Staff at the Urban Institute, a think tank based in Washington, DC, used parameterized reporting to develop fiscal briefs for all US states, as well as the District of Columbia. Each report required extensive text and multiple charts, so creating them by hand wasn’t feasible. Instead, employees Safia Sayed, Livia Mucciolo, and Aaron Williams automated the process. This chapter explains how parameterized reporting works and walks you through a simplified version of the code that the Urban Institute used.

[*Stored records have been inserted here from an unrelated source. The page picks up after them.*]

(* Let $S$ be a finite set, $G$ a finite group and $f:S\to G$ a function. Let $\{\rho\}$ be a complete set of representatives of the equivalence classes of irreducible unitary representations $\rho: G\to U(V_\rho)$, and for each $\rho$ let $P_\rho$ be an orthogonal projector on $V_\rho$, with at least one $P_\rho\neq 0$. Let $\phi=\sum_\rho c_\rho\,\rho^\dagger(P_\rho)\in\mathbb{C}[G]$ with all $c_\rho\in\mathbb{C}$ nonzero. Let $u_S=|S|^{-1/2}\sum_{s\in S}|s\rangle$, let $U_f$ be the unitary on $\mathbb{C}[S]\otimes\mathbb{C}[G]$ with $U_f(|s\rangle\otimes|g\rangle)=|s\rangle\otimes|f(s)g\rangle$, and let $\psi=U_f(u_S\otimes\phi)$. (a) If $f$ is $P_\rho$-constant, then $\psi=u_S\otimes\chi$ for some nonzero $\chi\in\mathbb{C}[G]$; in particular a projective measurement of the first factor onto the span of $u_S$ succeeds with probability 1. (b) If $f$ is $P_\rho$-balanced, then $(\langle u_S|\otimes\mathrm{id})\psi=0$; in particular that measurement succeeds with probability 0.
   Context: For a finite set $X$, $\mathbb{C}[X]$ is the Hilbert space with orthonormal basis $\{|x\rangle: x\in X\}$; $\mathbb{C}[G]$ is also the group algebra. Each $\rho$ is extended linearly to $\rho:\mathbb{C}[G]\to\mathrm{End}(V_\rho)$, where $\mathrm{End}(V_\rho)$ carries the Hilbert–Schmidt inner product, and $\rho^\dagger(M)=\sum_{h\in G}\mathrm{Tr}(\rho(h)^\dagger M)|h\rangle$ is its adjoint. Definitions: $f$ is $P_\rho$-balanced if $\sum_{s\in S}\rho(f(s))P_\rho=0$ for every $\rho$; $f$ is $P_\rho$-constant if for every $\rho$ there is $x_\rho\in\mathrm{End}(V_\rho)$ with $\rho(f(s))P_\rho=x_\rho$ for all $s\in S$. (For $G=\mathbb{Z}_2$, $P_{\text{trivial}}=0$ and $P_{\text{sign}}=\mathrm{id}$ this recovers the usual constant/balanced functions and the Deutsch–Jozsa algorithm.) *)

From HB Require Import structures.
From mathcomp Require Import all_boot all_order all_algebra all_fingroup all_solvable all_field all_character.
Set Implicit Arguments. Unset Strict Implicit. Unset Printing Implicit Defensive.
Import Order.TTheory GRing.Theory Num.Theory.
Local Open Scope ring_scope.

(* C[X] : the Hilbert space with orthonormal basis |x>, x in X *)
Notation Cvec X := {ffun X -> algC}.

Definition ket (X : finType) (x : X) : Cvec X := [ffun y => (y == x)%:R].

Definition adjmx m n (A : 'M[algC]_(m, n)) : 'M[algC]_(n, m) := (map_mx Num.conj A)^T.

Definition unitary_repr (gT : finGroupType) n
  (r : mx_representation algC [set: gT]%G n) : Prop :=
  forall g : gT, adjmx (r g) *m r g = 1%:M.

Definition orth_proj n (P : 'M[algC]_n) : Prop := P *m P = P /\ adjmx P = P.

(* rho^dagger(M) = sum_h Tr(rho(h)^dagger M) |h>, i.e. coefficient at h *)
Definition rho_dag (gT : finGroupType) n (r : mx_representation algC [set: gT]%G n)
  (M : 'M[algC]_n) : Cvec gT := [ffun h => \tr (adjmx (r h) *m M)].

Definition uS (S : finType) : Cvec S := [ffun s => (sqrtC (#|S|%:R))^-1 * \sum_(t : S) ket t s].

(* tensor product u (x) v in C[S] (x) C[G] = C[S * G] *)
Definition tens (S T : finType) (u : Cvec S) (v : Cvec T) : Cvec (S * T)%type :=
  [ffun p => u p.1 * v p.2].

(* U_f (coordinatewise), the linear extension of |s>|g> |-> |s>|f(s) g> *)
Definition Uf (S : finType) (gT : finGroupType) (f : S -> gT)
  (w : Cvec (S * gT)%type) : Cvec (S * gT)%type :=
  [ffun q => \sum_(p : S * gT) w p * ket (p.1, f p.1 * p.2)%g q].

Definition partial_bra (S T : finType) (u : Cvec S) (w : Cvec (S * T)%type) : Cvec T :=
  [ffun t => \sum_(s : S) Num.conj (u s) * w (s, t)].

Definition P_balanced (S : finType) (gT : finGroupType) (I : finType) (n : I -> nat)
  (rho : forall i, mx_representation algC [set: gT]%G (n i))
  (P : forall i, 'M[algC]_(n i)) (f : S -> gT) : Prop :=
  forall i, \sum_(s : S) rho i (f s) *m P i = 0.

Definition P_constant (S : finType) (gT : finGroupType) (I : finType) (n : I -> nat)
  (rho : forall i, mx_representation algC [set: gT]%G (n i))
  (P : forall i, 'M[algC]_(n i)) (f : S -> gT) : Prop :=
  forall i, exists x : 'M[algC]_(n i), forall s, rho i (f s) *m P i = x.

From HB Require Import structures.
From mathcomp Require Import all_boot all_order all_algebra all_fingroup all_solvable all_field all_character.
Import Order.TTheory GRing.Theory Num.Theory.
Local Open Scope ring_scope.
Set Implicit Arguments. Unset Strict Implicit. Unset Printing Implicit Defensive.

(* For unitary rho, rho^dagger(M)(g) = Tr(rho(g^-1) M), so the state phi is a
   sum of "matrix coefficient" functions  g |-> sum_i Tr(rho_i(g^-1) M_i)  with
   M_i = c_i P_i.  Applying U_f to u_S (x) phi translates the G-argument by
   f(s)^-1, which replaces each M_i by rho_i(f(s)) M_i; hence
       psi(s, g) = u_S(s) * coef(i |-> c_i rho_i(f s) P_i)(g).
   (a) If f is P_rho-constant, the family rho_i(f s) P_i does not depend on s,
       so psi = u_S (x) chi; chi is nonzero because, by the Schur orthogonality
       relations, the Fourier coefficient  sum_g coef(M)(g) rho_j(g)  equals
       (|G|/n_j) M_j, so a nonzero family gives a nonzero coefficient function.
   (b) If f is P_rho-balanced, (<u_S| (x) id) psi is a multiple of the
       coefficient function of the family c_i sum_s rho_i(f s) P_i = 0.
   The file first proves Schur's lemma and the orthogonality relations via the
   averaging ("twirling") operator, then develops coefficient functions, and
   finally computes the states of the algorithm. *)

Lemma mul_delta_entry (R : pzSemiRingType) m p q s
    (A : 'M[R]_(m, p)) (B : 'M[R]_(q, s)) a b k l :
  (A *m delta_mx b k *m B) a l = A a b * B k l.
Proof.
by rewrite -(mul_delta_mx (0 : 'I_1)) mulmxA -colE -mulmxA -rowE mxE big_ord1 !mxE.
Qed.

Lemma mxtrace_delta (R : pzSemiRingType) n (b k : 'I_n) :
  \tr (delta_mx b k : 'M[R]_n) = (b == k)%:R.
Proof.
rewrite /mxtrace (bigD1 b) //= big1 ?addr0; first by rewrite mxE eqxx.
by move=> j /negbTE nj; rewrite mxE nj.
Qed.

(* The twirl of M averages M over G with respect to two representations; it is
   the standard way to produce intertwiners. *)
Section Twirl.

Variables (gT : finGroupType) (n1 n2 : nat).
Variables (r1 : mx_representation algC [set: gT]%G n1)
          (r2 : mx_representation algC [set: gT]%G n2).

Definition twirl (M : 'M[algC]_(n2, n1)) : 'M[algC]_(n2, n1) :=
  \sum_(g : gT) r2 g *m M *m r1 (g^-1)%g.

Lemma twirl_hom M h : r2 h *m twirl M = twirl M *m r1 h.
Proof.
rewrite /twirl mulmx_sumr mulmx_suml [RHS](reindex_inj (mulgI h)) /=.
apply: eq_bigr => g _.
rewrite !mulmxA -repr_mxM ?inE // -!mulmxA -repr_mxM ?inE //.
by rewrite invMg -mulgA mulVg mulg1.
Qed.

Lemma fourier_coef_twirl (Q : 'M_n1) a b :
  (\sum_(g : gT) \tr (r1 (g^-1)%g *m Q) *: r2 g) a b
    = \sum_(k < n1) (twirl (delta_mx b k) *m Q) a k.
Proof.
rewrite summxE.
under [RHS]eq_bigr => k _ do rewrite /twirl mulmx_suml summxE.
rewrite exchange_big /=; apply: eq_bigr => g _.
rewrite mxE /mxtrace mulr_suml; apply: eq_bigr => k _.
by rewrite -(mulmxA (r2 g *m delta_mx b k)) mul_delta_entry mulrC.
Qed.

End Twirl.

Lemma intertwiner_rsim (gT : finGroupType) n1 n2
    (r1 : mx_representation algC [set: gT]%G n1)
    (r2 : mx_representation algC [set: gT]%G n2) (T : 'M[algC]_(n2, n1)) :
  mx_irreducible r1 -> mx_irreducible r2 ->
  (forall h, r2 h *m T = T *m r1 h) -> T != 0 -> mx_rsim r2 r1.
Proof.
move=> /mx_irrP [_ irr1] /mx_irrP [_ irr2] homT nzT.
have modK : mxmodule r2 (kermx T).
  apply/mxmoduleP => x _; apply/sub_kermxP.
  by rewrite -mulmxA homT mulmxA mulmx_ker mul0mx.
have freeT : row_free T.
  rewrite -kermx_eq0; apply: contraNT nzT => nzK.
  have := irr2 _ modK nzK; rewrite -sub1mx => /sub_kermxP.
  by rewrite mul1mx => ->.
have modT : mxmodule r1 T by apply/mxmoduleP => x _; rewrite -homT submxMl.
have fullT : row_full T.
  have := irr1 <<T>>%MS; rewrite (eqmx_module _ (genmxE T)) (eqmx_eq0 (genmxE T)).
  by rewrite /row_full genmxE => /(_ modT nzT).
have n21 : n2 = n1 by rewrite -(eqP freeT) (eqP fullT).
by exists T => // x _; rewrite homT.
Qed.

Section SchurOrthogonality.

Variable gT : finGroupType.

Lemma twirl_eq0 n1 n2 (r1 : mx_representation algC [set: gT]%G n1)
    (r2 : mx_representation algC [set: gT]%G n2) M :
  mx_irreducible r1 -> mx_irreducible r2 -> ~ mx_rsim r2 r1 -> twirl r1 r2 M = 0.
Proof.
move=> irr1 irr2 nsim; have [//|nzT] := eqVneq (twirl r1 r2 M) 0.
by case: nsim; apply: intertwiner_rsim nzT => // h; apply: twirl_hom.
Qed.

(* Over the algebraically closed field algC, the twirl of an irreducible
   representation with itself is the scalar (|G| Tr M / n). *)
Lemma twirl_scalar n (r : mx_representation algC [set: gT]%G n) M :
  mx_irreducible r -> twirl r r M = ((\tr M *+ #|gT|) / n%:R)%:M.
Proof.
move=> irr; have n_gt0 : (0 < n)%N by case/mx_irrP: irr.
have cT : centgmx r (twirl r r M) by apply/centgmxP => x _; rewrite twirl_hom.
have /is_scalar_mxP [a ea] :=
  mx_abs_irr_cent_scalar (group_closure_closed_field irr) cT.
have tr_twirl : \tr (twirl r r M) = \tr M *+ #|gT|.
  rewrite /twirl raddf_sum /= -sumr_const; apply: eq_bigr => g _.
  by rewrite mxtrace_mulC mulmxA -repr_mxM ?inE // mulVg repr_mx1 mul1mx.
rewrite ea; congr (_%:M); move: tr_twirl; rewrite ea mxtrace_scalar => <-.
by rewrite -[a *+ n]mulr_natr mulfK // pnatr_eq0 -lt0n.
Qed.

Lemma schur_orth_ne n1 n2 (r1 : mx_representation algC [set: gT]%G n1)
    (r2 : mx_representation algC [set: gT]%G n2) (Q : 'M_n1) :
  mx_irreducible r1 -> mx_irreducible r2 -> ~ mx_rsim r2 r1 ->
  \sum_(g : gT) \tr (r1 (g^-1)%g *m Q) *: r2 g = 0.
Proof.
move=> irr1 irr2 nsim; apply/matrixP => a b.
rewrite fourier_coef_twirl mxE big1 // => k _.
by rewrite twirl_eq0 // mul0mx mxE.
Qed.

Lemma schur_orth_eq n (r : mx_representation algC [set: gT]%G n) (Q : 'M_n) :
  mx_irreducible r ->
  \sum_(g : gT) \tr (r (g^-1)%g *m Q) *: r g = (#|gT|%:R / n%:R) *: Q.
Proof.
move=> irr; apply/matrixP => a b.
rewrite fourier_coef_twirl mxE (bigD1 b) //= big1 ?addr0 => [|k nkb].
  by rewrite twirl_scalar // mul_scalar_mx mxE mxtrace_delta eqxx mulr1n.
rewrite twirl_scalar // mul_scalar_mx mxE mxtrace_delta eq_sym (negbTE nkb).
by rewrite mulr0n mul0rn !mul0r.
Qed.

End SchurOrthogonality.

Section CoefficientFunctions.

Variables (gT : finGroupType) (I : finType) (n : I -> nat).
Variable rho : forall i, mx_representation algC [set: gT]%G (n i).

Definition mx_coefs (M : forall i, 'M[algC]_(n i)) : Cvec gT :=
  [ffun g => \sum_(i : I) \tr (rho i (g^-1)%g *m M i)].

Lemma eq_mx_coefs (M M' : forall i, 'M[algC]_(n i)) :
  (forall i, M i = M' i) -> mx_coefs M = mx_coefs M'.
Proof. by move=> eqM; apply/ffunP => g; rewrite !ffunE; under eq_bigr do rewrite eqM. Qed.

Lemma mx_coefs0 g : mx_coefs (fun i => 0) g = 0.
Proof. by rewrite ffunE big1 // => i _; rewrite mulmx0 mxtrace0. Qed.

Lemma mx_coefs_sum (T : finType) (M : T -> forall i, 'M[algC]_(n i)) g :
  \sum_(t : T) mx_coefs (M t) g = mx_coefs (fun i => \sum_(t : T) M t i) g.
Proof.
rewrite ffunE; under eq_bigr do rewrite ffunE.
rewrite exchange_big; apply: eq_bigr => i _.
by rewrite mulmx_sumr raddf_sum.
Qed.

Lemma mx_coefs_translate (M : forall i, 'M[algC]_(n i)) y g :
  mx_coefs M (y^-1 * g)%g = mx_coefs (fun i => rho i y *m M i) g.
Proof.
rewrite !ffunE; apply: eq_bigr => i _.
by rewrite invMg invgK repr_mxM ?inE // mulmxA.
Qed.

Hypothesis rho_irr : forall i, mx_irreducible (rho i).
Hypothesis rho_ineq : forall i j, mx_rsim (rho i) (rho j) -> i = j.

Lemma mx_coefs_fourier (M : forall i, 'M[algC]_(n i)) j :
  \sum_(g : gT) mx_coefs M g *: rho j g = (#|gT|%:R / (n j)%:R) *: M j.
Proof.
under eq_bigr do rewrite ffunE scaler_suml.
rewrite exchange_big (bigD1 j) //= schur_orth_eq // big1 ?addr0 // => i nij.
by apply: schur_orth_ne => // /rho_ineq eji; rewrite eji eqxx in nij.
Qed.

Lemma mx_coefs_neq0 (M : forall i, 'M[algC]_(n i)) j :
  M j != 0 -> mx_coefs M != 0.
Proof.
move=> nzM; apply/eqP => coefs0; move: nzM; apply/negP; rewrite negbK.
have := mx_coefs_fourier M j; rewrite coefs0.
rewrite big1 => [/esym/eqP|g _]; last by rewrite ffunE scale0r.
have nG : #|gT| != 0%N by rewrite -lt0n; apply/card_gt0P; exists 1%g.
have nj : n j != 0%N by rewrite -lt0n; case/mx_irrP: (rho_irr j).
by rewrite scaler_eq0 mulf_eq0 invr_eq0 !pnatr_eq0 (negbTE nG) (negbTE nj).
Qed.

End CoefficientFunctions.

(* For a unitary representation the adjoint is the inverse, so rho^dagger(M)
   is the coefficient function of the one-member family M. *)
Lemma unitary_adj (gT : finGroupType) n (r : mx_representation algC [set: gT]%G n) g :
  unitary_repr r -> adjmx (r g) = r (g^-1)%g.
Proof.
move=> ru; have [_ unit_rg] := mulmx1_unit (ru g).
by rewrite repr_mxV ?inE // -[adjmx _]mulmx1 -(mulmxV unit_rg) mulmxA ru mul1mx.
Qed.

Lemma rho_dagE (gT : finGroupType) n (r : mx_representation algC [set: gT]%G n) M g :
  unitary_repr r -> rho_dag r M g = \tr (r (g^-1)%g *m M).
Proof. by move=> ru; rewrite ffunE unitary_adj. Qed.

Lemma Uf_E (S : finType) (gT : finGroupType) (f : S -> gT) w s g :
  Uf f w (s, g) = w (s, ((f s)^-1 * g)%g).
Proof.
rewrite ffunE (bigD1 (s, ((f s)^-1 * g)%g)) //= big1 ?addr0.
  by rewrite ffunE mulKVg eqxx mulr1.
move=> [s' g'] /= ne; rewrite ffunE.
case: eqP => [[e1 e2]|]; last by rewrite mulr0.
by move: ne; rewrite e2 -e1 mulKg eqxx.
Qed.

Lemma uS_E (S : finType) s : uS S s = (sqrtC #|S|%:R)^-1.
Proof.
rewrite ffunE (bigD1 s) //= big1 ?addr0; first by rewrite ffunE eqxx mulr1.
by move=> t /negbTE nt; rewrite ffunE eq_sym nt.
Qed.

Unset Implicit Arguments.
Theorem mainTheorem7 (S : finType) (gT : finGroupType) (f : S -> gT)
  (I : finType) (n : I -> nat)
  (rho : forall i, mx_representation algC [set: gT]%G (n i))
  (rho_irr : forall i, mx_irreducible (rho i))
  (rho_unit : forall i, unitary_repr (rho i))
  (rho_ineq : forall i j, mx_rsim (rho i) (rho j) -> i = j)
  (rho_compl : forall m (r : mx_representation algC [set: gT]%G m),
      mx_irreducible r -> unitary_repr r -> exists i, mx_rsim r (rho i))
  (P : forall i, 'M[algC]_(n i))
  (P_proj : forall i, orth_proj (P i))
  (P_nz : exists i, P i != 0)
  (c : I -> algC) (c_nz : forall i, c i != 0)
  (S_nonempty : (0 < #|S|)%N) :
  let phi : Cvec gT := [ffun g => \sum_(i : I) c i * rho_dag (rho i) (P i) g] in
  let psi : Cvec (S * gT)%type := Uf f (tens (uS S) phi) in
  (P_constant rho P f -> exists chi : Cvec gT, chi != 0 /\ psi = tens (uS S) chi) /\
  (P_balanced rho P f -> partial_bra (uS S) psi = 0).
Proof.
move=> phi psi.
pose M s i := rho i (f s) *m (c i *: P i).
have phiE : phi = mx_coefs rho (fun i => c i *: P i).
  apply/ffunP => g; rewrite !ffunE; apply: eq_bigr => i _.
  by rewrite rho_dagE // -scalemxAr mxtraceZ.
have psiE s g : psi (s, g) = uS S s * mx_coefs rho (M s) g.
  by rewrite Uf_E ffunE phiE mx_coefs_translate.
split=> [constP | balP].
  have [s0 _] := card_gt0P S_nonempty; have [j nzPj] := P_nz.
  exists (mx_coefs rho (M s0)); split.
    apply: (mx_coefs_neq0 rho_irr rho_ineq (j := j)).
    rewrite /M -scalemxAr scaler_eq0 (negbTE (c_nz j)) /=.
    apply: contra nzPj => /eqP rP0.
    by rewrite -(mulKmx (repr_mx_unit (rho j) (in_setT (f s0))) (P j)) rP0 mulmx0.
  apply/ffunP => -[s g]; rewrite psiE [RHS]ffunE /= (@eq_mx_coefs _ _ _ _ (M s) (M s0)) //.
  by move=> i; rewrite /M -!scalemxAr; have [x rPx] := constP i; rewrite !rPx.
apply/ffunP => t; rewrite !ffunE.
under eq_bigr do rewrite psiE !uS_E mulrA.
rewrite -mulr_sumr mx_coefs_sum (@eq_mx_coefs _ _ _ rho _ (fun i => 0)).
  by rewrite mx_coefs0 mulr0.
move=> i; under eq_bigr do rewrite /M -scalemxAr.
by rewrite -scaler_sumr balP scaler0.
Qed.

## Report Templates in R Markdown
If you’ve ever had to create multiple reports at the same time, you know how frustrating it can be, especially if you’re using the multi-tool workflow described in @sec-rmarkdown-chapter. Making just one report can take a long time. Multiply that work by 10, 20, or, in the case of the Urban Institute team, 51, and it can quickly feel overwhelming. Fortunately, with parameterized reporting, you can generate thousands of reports at once using the following workflow:
1. Make a report template in R Markdown.
1. Add a parameter (for example, one representing US states) in the YAML of your R Markdown document to represent the values that will change between reports.
1. Use that parameter to generate a report for one state, to make sure you can knit your document.
1. Create a separate R script file that sets the value of the parameter and then knits a report.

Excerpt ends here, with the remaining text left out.